(* Let $k\in\mathbb{N}$ and let $u=a_1\cdots a_n$ (with letters $a_i$ of a totally ordered finite alphabet $A$) be a word of minimal length within its $\sim_k$-class. Suppose the attributes $(x_i,y_i)$ of $u$ satisfy, for all positions $i<n$: if $(x_i,y_i)=(x_{i+1},y_{i+1})$ and $x_i+y_i=k+1$, then $a_i\le a_{i+1}$. Then $u$ is the shortlex normal form of its $\sim_k$-class.
   Context: $u\sim_k v$ iff $u,v$ have the same scattered subwords of length at most $k$. For words of equal length, $u$ is lexicographically smaller than $v$ if for some word $p$ and letters $a<b$, $pa$ is a prefix of $u$ and $pb$ a prefix of $v$. The shortlex normal form of the $\sim_k$-class of $u$ is the lexicographically smallest word among the shortest words $w$ with $w\sim_k u$. An X-ranker is a nonempty word over $\{\mathsf X_a : a\in A\}$, a Y-ranker a nonempty word over $\{\mathsf Y_a:a\in A\}$, length = word length. For a word $w$: $\mathsf X_a(w)$ is the smallest $a$-position, $r\mathsf X_a(w)$ the smallest $a$-position greater than $r(w)$; $\mathsf Y_a(w)$ the greatest $a$-position, $r\mathsf Y_a(w)$ the greatest $a$-position smaller than $r(w)$ (possibly undefined). The attribute of position $p$ of $u$ is $(x_p,y_p)$, $x_p$ (resp. $y_p$) the minimal length of an X-ranker (resp. Y-ranker) reaching $p$ in $u$. *)

From mathcomp Require Import all_boot all_order.
Set Implicit Arguments. Unset Strict Implicit. Unset Printing Implicit Defensive.
Import Order.TTheory.

Section Words.
Context {d : Order.disp_t} {A : finOrderType d}.

Definition simk (k : nat) (u v : seq A) : Prop :=
  forall w : seq A, size w <= k -> subseq w u = subseq w v.

Definition lexlt (u v : seq A) : Prop :=
  exists (p : seq A) (a b : A) (s t : seq A),
    (a < b)%O /\ u = p ++ a :: s /\ v = p ++ b :: t.

Definition shortlex_nf (k : nat) (u w : seq A) : Prop :=
  [/\ simk k w u,
      (forall v, simk k v u -> size w <= size v) &
      (forall v, simk k v u -> size v = size w -> v <> w -> lexlt w v)].

(* Positions are 0-based: 0 <= p < size u. *)

(* smallest a-position >= lo *)
Definition findX (u : seq A) (a : A) (lo : nat) : option nat :=
  let q := find (pred1 a) (drop lo u) in
  if lo + q < size u then Some (lo + q) else None.

(* greatest a-position < hi *)
Definition findY (u : seq A) (a : A) (hi : nat) : option nat :=
  let t := rev (take hi u) in
  let q := find (pred1 a) t in
  if q < size t then Some (size t - q.+1) else None.

(* evaluation of X-ranker X_{a1} ... X_{am} (represented by its letters a1..am),
   the first step looking at positions >= lo *)
Fixpoint xrank (u : seq A) (lo : nat) (s : seq A) : option nat :=
  match s with
  | [::] => None
  | a :: s' =>
      match findX u a lo with
      | None => None
      | Some p => if s' is [::] then Some p else xrank u p.+1 s'
      end
  end.

(* evaluation of Y-ranker Y_{a1} ... Y_{am}, first step looking at positions < hi *)
Fixpoint yrank (u : seq A) (hi : nat) (s : seq A) : option nat :=
  match s with
  | [::] => None
  | a :: s' =>
      match findY u a hi with
      | None => None
      | Some p => if s' is [::] then Some p else yrank u p s'
      end
  end.

Definition xeval (u : seq A) (s : seq A) : option nat := xrank u 0 s.
Definition yeval (u : seq A) (s : seq A) : option nat := yrank u (size u) s.

Definition is_xattr (u : seq A) (p m : nat) : Prop :=
  (exists s, s <> [::] /\ size s = m /\ xeval u s = Some p) /\
  (forall s, s <> [::] -> xeval u s = Some p -> m <= size s).

Definition is_yattr (u : seq A) (p m : nat) : Prop :=
  (exists s, s <> [::] /\ size s = m /\ yeval u s = Some p) /\
  (forall s, s <> [::] -> yeval u s = Some p -> m <= size s).

End Words.

From mathcomp Require Import all_boot all_order zify.
Set Implicit Arguments. Unset Strict Implicit. Unset Printing Implicit Defensive.
Import Order.TTheory.

(* An X-ranker reaches the position of [c] in [L ++ c :: R] iff it is a subword
   of [L ++ [:: c]] but not of [L] (dually for Y-rankers), so attributes are the
   lengths of shortest such subwords.  In a word of minimal length every position
   has [x + y <= k + 1]: otherwise deleting its letter would not change the
   [~k]-class.  Let [v = P ++ b :: T] be another word of the same length in the
   class of [u = P ++ a :: S], with [a != b].  An X-witness of [a] in [u] glued to
   a Y-witness of [b] in [v] would separate [u] from [v] if it were short, and
   symmetrically; hence both positions carry the same attribute [(x, y)] with
   [x + y = k + 1].  The Y-witness of [b] then embeds into [S], so [b] occurs in
   [S], and the same gluing arguments show that every position from [a] to the
   first [b] of [S] carries [(x, y)].  The hypothesis makes the letters of this
   block nondecreasing, whence [a < b]. *)

Section Subseq.
Variable T : eqType.
Implicit Types (c e : T) (s t U V W : seq T).

Lemma subseq_catP s U V : subseq s (U ++ V) ->
  exists s1 s2, [/\ s = s1 ++ s2, subseq s1 U & subseq s2 V].
Proof.
elim: U s => [|c U IH] s /=; first by exists [::], s.
case: s => [|c' s]; first by exists [::], [::]; rewrite sub0seq.
rewrite /=; case: eqP => [eq_c|_] /IH [s1 [s2 [-> sub1 sub2]]].
  by exists (c :: s1), s2; rewrite /= eq_c eqxx.
by exists s1, s2; split=> //; apply: subseq_trans sub1 (subseq_cons _ _).
Qed.

Lemma subseq_cons2 c c' t V : subseq (c :: t) (c' :: V) -> subseq t V.
Proof. by rewrite /=; case: eqP => // _ /cons_subseq. Qed.

Lemma subseq_cons_tail s c V : subseq s (c :: V) -> ~~ subseq s V ->
  exists2 s', s = c :: s' & subseq s' V.
Proof.
case: s => [|c' s] /=; first by rewrite sub0seq.
by case: eqP => [-> sub _|_ sub /negP]; first exists s.
Qed.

= Task directions =
Using the data above, transcribe the lines that run from the line with "(forall s, s <> [::] -> xeval" to the line with "Lemma subseq_cons2 c", both ends kept, and output nothing else.

= Response to the task =
  (forall s, s <> [::] -> xeval u s = Some p -> m <= size s).

Definition is_yattr (u : seq A) (p m : nat) : Prop :=
  (exists s, s <> [::] /\ size s = m /\ yeval u s = Some p) /\
  (forall s, s <> [::] -> yeval u s = Some p -> m <= size s).

End Words.

From mathcomp Require Import all_boot all_order zify.
Set Implicit Arguments. Unset Strict Implicit. Unset Printing Implicit Defensive.
Import Order.TTheory.

(* An X-ranker reaches the position of [c] in [L ++ c :: R] iff it is a subword
   of [L ++ [:: c]] but not of [L] (dually for Y-rankers), so attributes are the
   lengths of shortest such subwords.  In a word of minimal length every position
   has [x + y <= k + 1]: otherwise deleting its letter would not change the
   [~k]-class.  Let [v = P ++ b :: T] be another word of the same length in the
   class of [u = P ++ a :: S], with [a != b].  An X-witness of [a] in [u] glued to
   a Y-witness of [b] in [v] would separate [u] from [v] if it were short, and
   symmetrically; hence both positions carry the same attribute [(x, y)] with
   [x + y = k + 1].  The Y-witness of [b] then embeds into [S], so [b] occurs in
   [S], and the same gluing arguments show that every position from [a] to the
   first [b] of [S] carries [(x, y)].  The hypothesis makes the letters of this
   block nondecreasing, whence [a < b]. *)

Section Subseq.
Variable T : eqType.
Implicit Types (c e : T) (s t U V W : seq T).

Lemma subseq_catP s U V : subseq s (U ++ V) ->
  exists s1 s2, [/\ s = s1 ++ s2, subseq s1 U & subseq s2 V].
Proof.
elim: U s => [|c U IH] s /=; first by exists [::], s.
case: s => [|c' s]; first by exists [::], [::]; rewrite sub0seq.
rewrite /=; case: eqP => [eq_c|_] /IH [s1 [s2 [-> sub1 sub2]]].
  by exists (c :: s1), s2; rewrite /= eq_c eqxx.
by exists s1, s2; split=> //; apply: subseq_trans sub1 (subseq_cons _ _).
Qed.

Lemma subseq_cons2 c c' t V : subseq (c :: t) (c' :: V) -> subseq t V.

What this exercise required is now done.